Sur les demandes accessoires
Le Dr [R] et son assureur, tenus à indemnisation, supporteront les dépens conformément aux dispositions de l’article 696 du code de procédure civile. Pour les mêmes motifs, il n’y a pas lieu de faire application de l’article 700 du code de procédure civile en leur faveur.
Il est équitable de faire application de l’article 700 du code de procédure civile au profit des consorts [T].
Les mesures accessoires du jugement déféré sont par ailleurs confirmées.
PAR CES MOTIFS
La cour, statuant publiquement, par arrêt réputé contradictoire,
Confirme le jugement déféré sauf en ce qu’il a :
— rejeté les demandes en indemnisation de préjudices d’accompagnement,
— condamné solidairement le Dr [R] et la société LA MÉDICALE à payer :
aux consorts [T] la somme de 500 € au titre des souffrances endurées par M. [Z] [T],
à Mme [S] [D] épouse [T] la somme de 10 000 € au titre de son préjudice d’affection, et celle de 86 644,53 € au titre de son préjudice économique.

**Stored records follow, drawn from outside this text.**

(* Let $\mathsf{R}$ be a commutative ring and $f=\sum_{k=1}^t a_k\mathbf{x}^{\mathbf{e}_k}\in\mathsf{R}[x_1,\ldots,x_n]$ with max degree less than $D$ and at most $T$ nonzero terms. Set $\nu = \max(4n, 8\ln(10T))$, and choose $\nu$ vectors $\mathbf{s}\in\mathbb{Z}^n$, independently, according to a distribution such that for any single such random $\mathbf{s}$ and any particular term of $f$, the probability that the term collides with another term in $f(z^{s_1},\ldots,z^{s_n})$ is less than $1/4$. Then, with probability at least $9/10$, every term of $f$ collides with no other term for at least $2n$ of the substitutions.
   Context: Here $\mathbf{x}^{\mathbf{e}} = x_1^{e_1}\cdots x_n^{e_n}$, the $a_k$ are nonzero and the $\mathbf{e}_k$ pairwise distinct; max degree less than $D$ means every variable occurs with exponent less than $D$. The $i$th term collides in the substitution $\mathbf{s}=(s_1,\ldots,s_n)$ if there is $j\ne i$ with $\mathbf{e}_i\cdot\mathbf{s}=\mathbf{e}_j\cdot\mathbf{s}$. *)

From HB Require Import structures.
From mathcomp Require Import all_boot all_order all_algebra.
From mathcomp Require Import all_classical all_reals all_analysis.
Set Implicit Arguments. Unset Strict Implicit. Unset Printing Implicit Defensive.
Import Order.TTheory GRing.Theory Num.Theory.
Local Open Scope ring_scope.

Definition expvec (n : nat) := {ffun 'I_n -> nat}.
Definition subvec (n : nat) := {ffun 'I_n -> int}.

Definition dotes n (e : expvec n) (s : subvec n) : int :=
  \sum_(i < n) (e i)%:Z * s i.

(* The polynomial f = sum_k a_k x^{e_k} is represented by its t terms
   (coefficients a : 'I_t -> R, exponents e : 'I_t -> N^n). *)
Definition collides n t (e : 'I_t -> expvec n) (s : subvec n) (i : 'I_t) : bool :=
  [exists j : 'I_t, (j != i) && (dotes (e i) s == dotes (e j) s)].

Definition nu (R : realType) (n T : nat) : nat :=
  maxn (4 * n) `|Num.ceil (8 * ln (10 * T%:R : R))|%N.

Definition prob1 (R : realType) n (p : subvec n -> R) (E : set (subvec n)) : \bar R :=
  \esum_(s in E) (p s)%:E.

(* Probability of an event on nu-tuples of independent samples, each
   distributed according to p (iid product distribution). *)
Definition probN (R : realType) n m (p : subvec n -> R)
  (E : set {ffun 'I_m -> subvec n}) : \bar R :=
  \esum_(w in E) (\prod_(j < m) p (w j))%:E.

From HB Require Import structures.
From mathcomp Require Import all_boot all_order all_algebra.
From mathcomp Require Import all_classical all_reals all_analysis.
From mathcomp Require Import zify ring lra.
Import Order.TTheory GRing.Theory Num.Theory.
Local Open Scope classical_set_scope.
Local Open Scope ring_scope.

(* Fix a term and let S be the number of the nu substitutions in which it
   collides: S is a sum of nu independent indicators of probability q < 1/4,
   so E[4^S] = (1 + 3q)^nu <= (7/4)^nu.  By Markov's inequality,
   P(S >= nu - 2n) <= (7/4)^nu / 4^(nu - 2n) <= (7/8)^nu <= exp(-nu/8),
   using nu >= 4n, and this is at most 1/(10T) because nu >= 8 ln(10T).
   A union bound over the t <= T terms leaves a failure probability of at
   most 1/10. *)

Section DiscreteSums.
Variables (R : realType) (X : choiceType).
Local Open Scope ereal_scope.

Lemma esumZl (I : set X) (a : X -> \bar R) (r : R) : (0 <= r)%R ->
  (forall x, I x -> 0 <= a x) ->
  \esum_(x in I) (r%:E * a x) = r%:E * \esum_(x in I) a x.
Proof.
move=> r0 a0; rewrite /esum -ereal_supZl//; last first.
  by apply/set0P; exists 0; exists set0 => //; [exact: fsets_set0|rewrite fsbig_set0].
rewrite image_comp; congr ereal_sup; apply: eq_imagel => A [finA AI] /=.
rewrite !fsbig_finite// [in RHS]big_seq ge0_sume_distrr -?big_seq// => x.
by rewrite in_fset_set// inE => /AI; exact: a0.
Qed.

Lemma esum_markov (A : set X) (w f : X -> R) (c : R) : (0 < c)%R ->
  (forall x, 0 <= w x)%R -> (forall x, 0 <= f x)%R ->
  (forall x, A x -> c <= f x)%R ->
  \esum_(x in A) (w x)%:E <= c^-1%:E * \esum_(x in [set: X]) (w x * f x)%:E.
Proof.
move=> c0 w0 f0 Af; have c0' : (0 <= c^-1)%R by rewrite invr_ge0 ltW.
rewrite -esumZl// => [|x _]; last by rewrite lee_fin mulr_ge0.
rewrite esum_mkcond; apply: le_esum => x _.
case: ifPn => [/set_mem/Af cf|_]; rewrite -EFinM lee_fin; last by rewrite !mulr_ge0.
by rewrite ler_pdivlMl// mulrC ler_wpM2l.
Qed.

Lemma esum_le_sum_cover (I : finType) (A : set X) (B : I -> set X)
    (a : X -> \bar R) :
  (forall x, 0 <= a x) -> A `<=` \bigcup_i B i ->
  \esum_(x in A) a x <= \sum_(i : I) \esum_(x in B i) a x.
Proof.
move=> a0 AB; have a0_if (C : set X) x : 0 <= if x \in C then a x else 0.
  by case: ifP.
under eq_bigr do rewrite esum_mkcond.
rewrite -esum_sum => [|x i _ _]; last exact: a0_if.
rewrite esum_mkcond; apply: le_esum => x _.
case: ifPn => [/set_mem/AB [i _ Bix]|_]; last exact: sume_ge0.
by rewrite (bigD1 i)//= mem_set// leeDl// sume_ge0.
Qed.

Lemma esum_setC_le (A : set X) (a : X -> \bar R) (r : R) :
  (forall x, 0 <= a x) -> \esum_(x in [set: X]) a x = 1 ->
  \esum_(x in ~` A) a x <= r%:E -> (1 - r)%:E <= \esum_(x in A) a x.
Proof.
move=> a0 a1 Ar; have := @esumID R X A setT a (fun x _ => a0 x).
rewrite a1 !setTI => E.
by rewrite EFinB leeBlDr// E leeD.
Qed.

End DiscreteSums.

Section IidProduct.
Variables (R : realType) (X : choiceType).
Local Open Scope ereal_scope.

Definition ffun_cons {m} (xf : X * {ffun 'I_m -> X}) : {ffun 'I_m.+1 -> X} :=
  [ffun j => if unlift ord0 j is Some k then xf.2 k else xf.1].

Lemma ffun_cons0 {m} xf : @ffun_cons m xf ord0 = xf.1.
Proof. by rewrite ffunE unlift_none. Qed.

Lemma ffun_consS {m} xf k : @ffun_cons m xf (lift ord0 k) = xf.2 k.
Proof. by rewrite ffunE liftK. Qed.

Lemma ffun_cons_bij m :
  set_bij [set: X * {ffun 'I_m -> X}] [set: {ffun 'I_m.+1 -> X}] (@ffun_cons m).
Proof.
split=> //.
- move=> [x f] [y h] _ _ E; have := ffun_cons0 (x, f).
  rewrite E ffun_cons0 /= => ->; congr pair; apply/ffunP => k.
  by have := ffun_consS (x, f) k; rewrite E ffun_consS /= => ->.
- move=> w _; exists (w ord0, [ffun k => w (lift ord0 k)]) => //.
  apply/ffunP => j; rewrite ffunE; case: (unliftP ord0 j) => [k ->|->] //=.
  by rewrite ffunE.
Qed.

Lemma esum_prod_ffun (g : X -> R) (s : R) m : (forall x, 0 <= g x)%R ->
  \esum_(x in [set: X]) (g x)%:E = s%:E ->
  \esum_(w in [set: {ffun 'I_m -> X}]) (\prod_(j < m) g (w j))%:E = (s ^+ m)%:E.
Proof.
move=> g0 gs; have s0 : (0 <= s)%R.
  by rewrite -lee_fin -gs; apply: esum_ge0 => x _; rewrite lee_fin.
elim: m => [|m IH].
  rewrite (_ : [set: {ffun 'I_0 -> X}] = [set ffun0 (card_ord 0)]); last first.
    by apply/seteqP; split=> w //= _; apply/ffunP => -[].
  by rewrite esum_set1 big_ord0 ?expr0// lee_fin.
rewrite (reindex_esum _ _ _ _ (ffun_cons_bij m)).
rewrite (_ : [set: X * _] = [set: X] `*`` fun=> [set: {ffun 'I_m -> X}]); last first.
  by apply/seteqP; split.
rewrite -(esum_esum (a := fun x f => (\prod_(j < m.+1) g (ffun_cons (x, f) j))%:E));
  last by move=> x f _ _; rewrite lee_fin prodr_ge0.
transitivity (\esum_(x in [set: X]) ((s ^+ m)%:E * (g x)%:E)).
  apply: eq_esum => x _; rewrite muleC -IH.
  rewrite -(@esumZl _ _ _ (fun w : {ffun _ -> X} => (\prod_(j < m) g (w j))%:E))//;
    last by move=> f _; rewrite lee_fin prodr_ge0.
  apply: eq_esum => f _; rewrite big_ord_recl ffun_cons0 EFinM.
  by congr (_ * _%:E); apply: eq_bigr => j _; rewrite ffun_consS.
rewrite (@esumZl _ _ _ (fun x => (g x)%:E)) ?exprn_ge0//;
  last by move=> x _; rewrite lee_fin.
by rewrite (_ : \esum_(x in _) _ = s%:E) -?EFinM ?exprSr.
Qed.

End IidProduct.

Section ExponentialMoment.
Variables (R : realType) (X : choiceType) (p : X -> R).
Hypothesis p_ge0 : forall x, (0 <= p x)%R.
Hypothesis p_sum1 : \esum_(x in [set: X]) (p x)%:E = 1%:E.
Variable B : pred X.
Local Open Scope ereal_scope.

Section GivenProbability.
Variable q : R.
Hypothesis pB : \esum_(x in [set x | B x]) (p x)%:E = q%:E.
Variable c : R.
Hypothesis c_ge1 : (1 <= c)%R.

Lemma esum_pow_indicator :
  \esum_(x in [set: X]) (p x * c ^+ B x)%:E = (1 + (c - 1) * q)%:E.
Proof.
have c1 : (0 <= c - 1)%R by rewrite subr_ge0.
have p_if x : 0 <= if x \in [set x | B x] then (p x)%:E else 0.
  by case: ifP; rewrite ?lee_fin.
transitivity (\esum_(x in [set: X])
  ((p x)%:E + (c - 1)%:E * if x \in [set x | B x] then (p x)%:E else 0)).
  apply: eq_esum => x _; case Bx: (B x).
    by rewrite mem_set//= expr1 -EFinM -EFinD; congr _%:E; ring.
  by rewrite memNset /= ?Bx// expr0 mulr1 mule0 adde0.
rewrite esumD => [|x _|x _]; last 2 first.
- by rewrite lee_fin.
- by rewrite mule_ge0 ?lee_fin.
rewrite (@esumZl _ _ _ (fun x => if x \in [set x | B x] then (p x)%:E else 0))//.
by rewrite -esum_mkcond p_sum1 pB -EFinM -EFinD.
Qed.

Lemma esum_pow_count m :
  \esum_(w in [set: {ffun 'I_m -> X}])
     ((\prod_(j < m) p (w j)) * c ^+ #|[pred j | B (w j)]|)%:E
  = ((1 + (c - 1) * q) ^+ m)%:E.
Proof.
have c0 : (0 <= c)%R by rewrite (le_trans ler01).
rewrite -(@esum_prod_ffun _ _ _ _ m _ esum_pow_indicator) => [|x]; last first.
  by rewrite mulr_ge0 ?exprn_ge0.
apply: eq_esum => w _; rewrite big_split /= prodrXr.
congr (_ * c ^+ _)%:E; rewrite -sum1_card [LHS]big_mkcond.
by apply: eq_bigr => j _; rewrite inE; case: (B (w j)).
Qed.

Lemma esum_count_tail_le m k :
  \esum_(w in [set w : {ffun 'I_m -> X} | (k <= #|[pred j | B (w j)]|)%N])
     (\prod_(j < m) p (w j))%:E
  <= ((1 + (c - 1) * q) ^+ m / c ^+ k)%:E.
Proof.
have ck : (0 < c ^+ k)%R by rewrite exprn_gt0// (lt_le_trans ltr01).
apply: le_trans (@esum_markov R {ffun 'I_m -> X} _
  (fun w => \prod_(j < m) p (w j))%R
  (fun w => c ^+ #|[pred j | B (w j)]|)%R _ ck _ _ _) _.
- by move=> w; rewrite prodr_ge0.
- by move=> w; rewrite exprn_ge0// (le_trans ler01).
- by move=> w /= kB; rewrite ler_weXn2l.
by rewrite esum_pow_count -EFinM mulrC.
Qed.

End GivenProbability.

Lemma esum_count_tail_le_quarter m k :
  \esum_(x in [set x | B x]) (p x)%:E < (1 / 4 : R)%:E ->
  \esum_(w in [set w : {ffun 'I_m -> X} | (k <= #|[pred j | B (w j)]|)%N])
     (\prod_(j < m) p (w j))%:E
  <= ((7 / 4 : R) ^+ m / 4 ^+ k)%:E.
Proof.
have : 0 <= \esum_(x in [set x | B x]) (p x)%:E.
  by apply: esum_ge0 => x _; rewrite lee_fin.
case pB: (\esum_(x in _) _) => [q||] //=; rewrite lte_fin lee_fin => q0 q14.
have four_ge1 : (1 <= 4 :> R)%R by rewrite ler1n.
apply: le_trans (@esum_count_tail_le _ pB _ four_ge1 m k) _.
rewrite lee_fin ler_pM2r ?invr_gt0 ?exprn_gt0//.
by apply: lerXn2r; rewrite ?nnegrE; lra.
Qed.

End ExponentialMoment.

Lemma card_predC_lt_sub m (P : pred 'I_m) c :
  (#|[pred j | ~~ P j]| < c)%N -> (m - c <= #|P|)%N.
Proof.
have : (#|P| + #|[pred j | ~~ P j]| = m)%N.
  by apply: etrans (card_ord m); rewrite -(cardC P); congr addn; apply: eq_card.
lia.
Qed.

Section Numerics.
Variable R : realType.

Lemma pow_7_4_div_pow_4_le m k : (m <= 2 * k)%N ->
  (7 / 4 : R) ^+ m / 4 ^+ k <= (7 / 8) ^+ m.
Proof.
move=> m2k; rewrite ler_pdivrMr ?exprn_gt0//.
have -> : (7 / 4 : R) ^+ m = (7 / 8) ^+ m * 2 ^+ m.
  by rewrite -exprMn; congr (_ ^+ _); field.
rewrite ler_wpM2l ?exprn_ge0// (_ : 4 = 2 ^+ 2 :> R); last by rewrite expr2 -natrM.
by rewrite -exprM ler_weXn2l ?ler1n.
Qed.

Lemma pow_7_8_le_expR m : (7 / 8 : R) ^+ m <= expR (- (m%:R / 8)).
Proof.
rewrite (_ : - (m%:R / 8) = m%:R * (- (1 / 8))) ?expRM_natl; last by lra.
have := expR_ge1Dx (- (1 / 8) : R).
by move=> ?; apply: lerXn2r; rewrite ?nnegrE ?expR_ge0//; lra.
Qed.

Lemma ln_le_nu n T : 8 * ln (10 * T%:R : R) <= (nu R n T)%:R.
Proof.
apply: le_trans (ceil_ge _) _.
rewrite (_ : (nu R n T)%:R = (nu R n T)%:Z%:~R :> R)// ler_int.
by rewrite (le_trans (ler_norm _))// -abszE lez_nat leq_maxr.
Qed.

Lemma pow_7_8_nu_le n T : (0 < T)%N ->
  (7 / 8 : R) ^+ nu R n T <= (10 * T%:R)^-1.
Proof.
move=> T0; have T10 : 0 < 10 * T%:R :> R by rewrite mulr_gt0 ?ltr0n.
apply: le_trans (pow_7_8_le_expR _) _.
rewrite -[X in _ <= X^-1]lnK ?posrE// -expRN ler_expR.
by have := ln_le_nu n T; lra.
Qed.

Lemma nu_union_bound n T t : (t <= T)%N ->
  t%:R * ((7 / 4 : R) ^+ nu R n T / 4 ^+ (nu R n T - 2 * n)) <= 1 / 10.
Proof.
move=> tT; have [T0|T0] := posnP T.
  by move: tT; rewrite T0 leqn0 => /eqP ->; rewrite mul0r; lra.
have m2k : (nu R n T <= 2 * (nu R n T - 2 * n))%N.
  by have := leq_maxl (4 * n) `|Num.ceil (8 * ln (10 * T%:R : R))|%N; rewrite /nu; lia.
apply: le_trans (ler_wpM2l (ler0n _ _) (pow_7_4_div_pow_4_le _ _ m2k)) _.
apply: le_trans (ler_wpM2l (ler0n _ _) (pow_7_8_nu_le n _ T0)) _.
have tTR : t%:R <= T%:R :> R by rewrite ler_nat.
have TR : 1 <= T%:R :> R by rewrite ler1n.
by rewrite ler_pdivrMr ?mulr_gt0 ?ltr0n //; lra.
Qed.

End Numerics.

Theorem lemma5p1 (Rg : comNzRingType) (R : realType) (n D T t : nat)
  (a : 'I_t -> Rg) (e : 'I_t -> expvec n)
  (ha : forall k, a k != 0)
  (he : injective e)
  (hD : forall k i, (e k i < D)%N)
  (hT : (t <= T)%N)
  (p : subvec n -> R)
  (hp0 : forall s, 0 <= p s)
  (hp1 : prob1 p setT = 1%E)
  (hcol : forall i : 'I_t,
     (prob1 p [set s | collides e s i] < (1 / 4 : R)%:E)%E) :
  ((9 / 10 : R)%:E <=
     probN p [set w : {ffun 'I_(nu R n T) -> subvec n} |
                forall i : 'I_t,
                  (2 * n <= #|[pred j : 'I_(nu R n T) | ~~ collides e (w j) i]|)%N])%E.
Proof.
(* Only the collision bound hcol matters: the coefficients, the distinctness
   of the exponents and the degree bound play no role. *)
set m := nu R n T; set G := [set w | _]; pose k := (m - 2 * n)%N.
pose Bad i := [set w : {ffun 'I_m -> subvec n} |
                (k <= #|[pred j | collides e (w j) i]|)%N].
have cover : ~` G `<=` \bigcup_i Bad i.
  move=> w /= /existsNP [i /negP]; rewrite -ltnNge => few.
  by exists i => //; exact: card_predC_lt_sub.
have total : (\esum_(w in [set: {ffun 'I_m -> subvec n}])
                 (\prod_(j < m) p (w j))%:E = 1)%E.
  by rewrite (@esum_prod_ffun _ _ _ _ _ hp0 hp1) expr1n.
have bad : (\esum_(w in ~` G) (\prod_(j < m) p (w j))%:E <= (1 / 10 : R)%:E)%E.
  apply: le_trans (@esum_le_sum_cover _ _ _ _ _
    (fun w : {ffun _ -> _} => (\prod_(j < m) p (w j))%:E) _ cover) _ => [w|].
    by rewrite lee_fin prodr_ge0.
  apply: (@le_trans _ _ (\sum_(i < t) ((7 / 4 : R) ^+ m / 4 ^+ k)%:E)%E).
    by apply: lee_sum => i _; exact: (@esum_count_tail_le_quarter _ _ _ hp0 hp1
      (fun s => collides e s i) m k (hcol i)).
  by rewrite sumEFin lee_fin sumr_const card_ord -[_ *+ t]mulr_natl nu_union_bound.
rewrite (_ : 9 / 10 = 1 - 1 / 10 :> R); last by lra.
by apply: esum_setC_le total bad => w; rewrite lee_fin prodr_ge0.
Qed.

L’infirme sur tous les points qui viennent d’être énumérés et, statuant de nouveau et y ajoutant :
Condamne in solidum le Dr [U] [R] et son assureur la SA L’ÉQUITÉ venant aux droits de la SA LA MÉDICALE à payer :
à Mme [S] [D] épouse [T], M. [A] [T] et Mme [P] [T] épouse [H] la somme de 1 000 € au titre des souffrances endurées par M. [Z] [T],
à Mme [S] [D] épouse [T] la somme de 12 500 € au titre de son préjudice d’affection,
à Mme [S] [D] épouse [T], M. [A] [T] et Mme [P] [T] épouse [H], chacun la somme de 1 000 € au titre de leur préjudice d’accompagnement.
Déboute Mme [S] [T] de sa demande fondée sur un préjudice économique.
Condamne in solidum le Dr [U] [R] et son assureur la SA L’ÉQUITÉ venant aux droits de la SA LA MÉDICALE à payer à Mme [S] [D] épouse [T], M. [A] [T] et Mme [P] [T] épouse [H] unis d’intérêts la somme complémentaire de 3 000 € en application de l’article 700 du code de procédure civile.
Rejette toutes les autres demandes.
Condamne in solidum le Dr [U] [R] et son assureur la SA L’ÉQUITÉ venant aux droits de la SA LA MÉDICALE aux dépens d’appel qui seront recouvrés conformément aux dispositions de l’article 699 du code de procédure civile.
Prononcé par mise à disposition de l’arrêt au greffe de la cour, les parties en ayant été préalablement avisées dans les conditions prévues au deuxième alinéa de l’article 450 du code de la procédure civile,
Signé par madame Clerc, président, et par madame Burel, greffier auquel la minute de la décision a été remise par le magistrat signataire.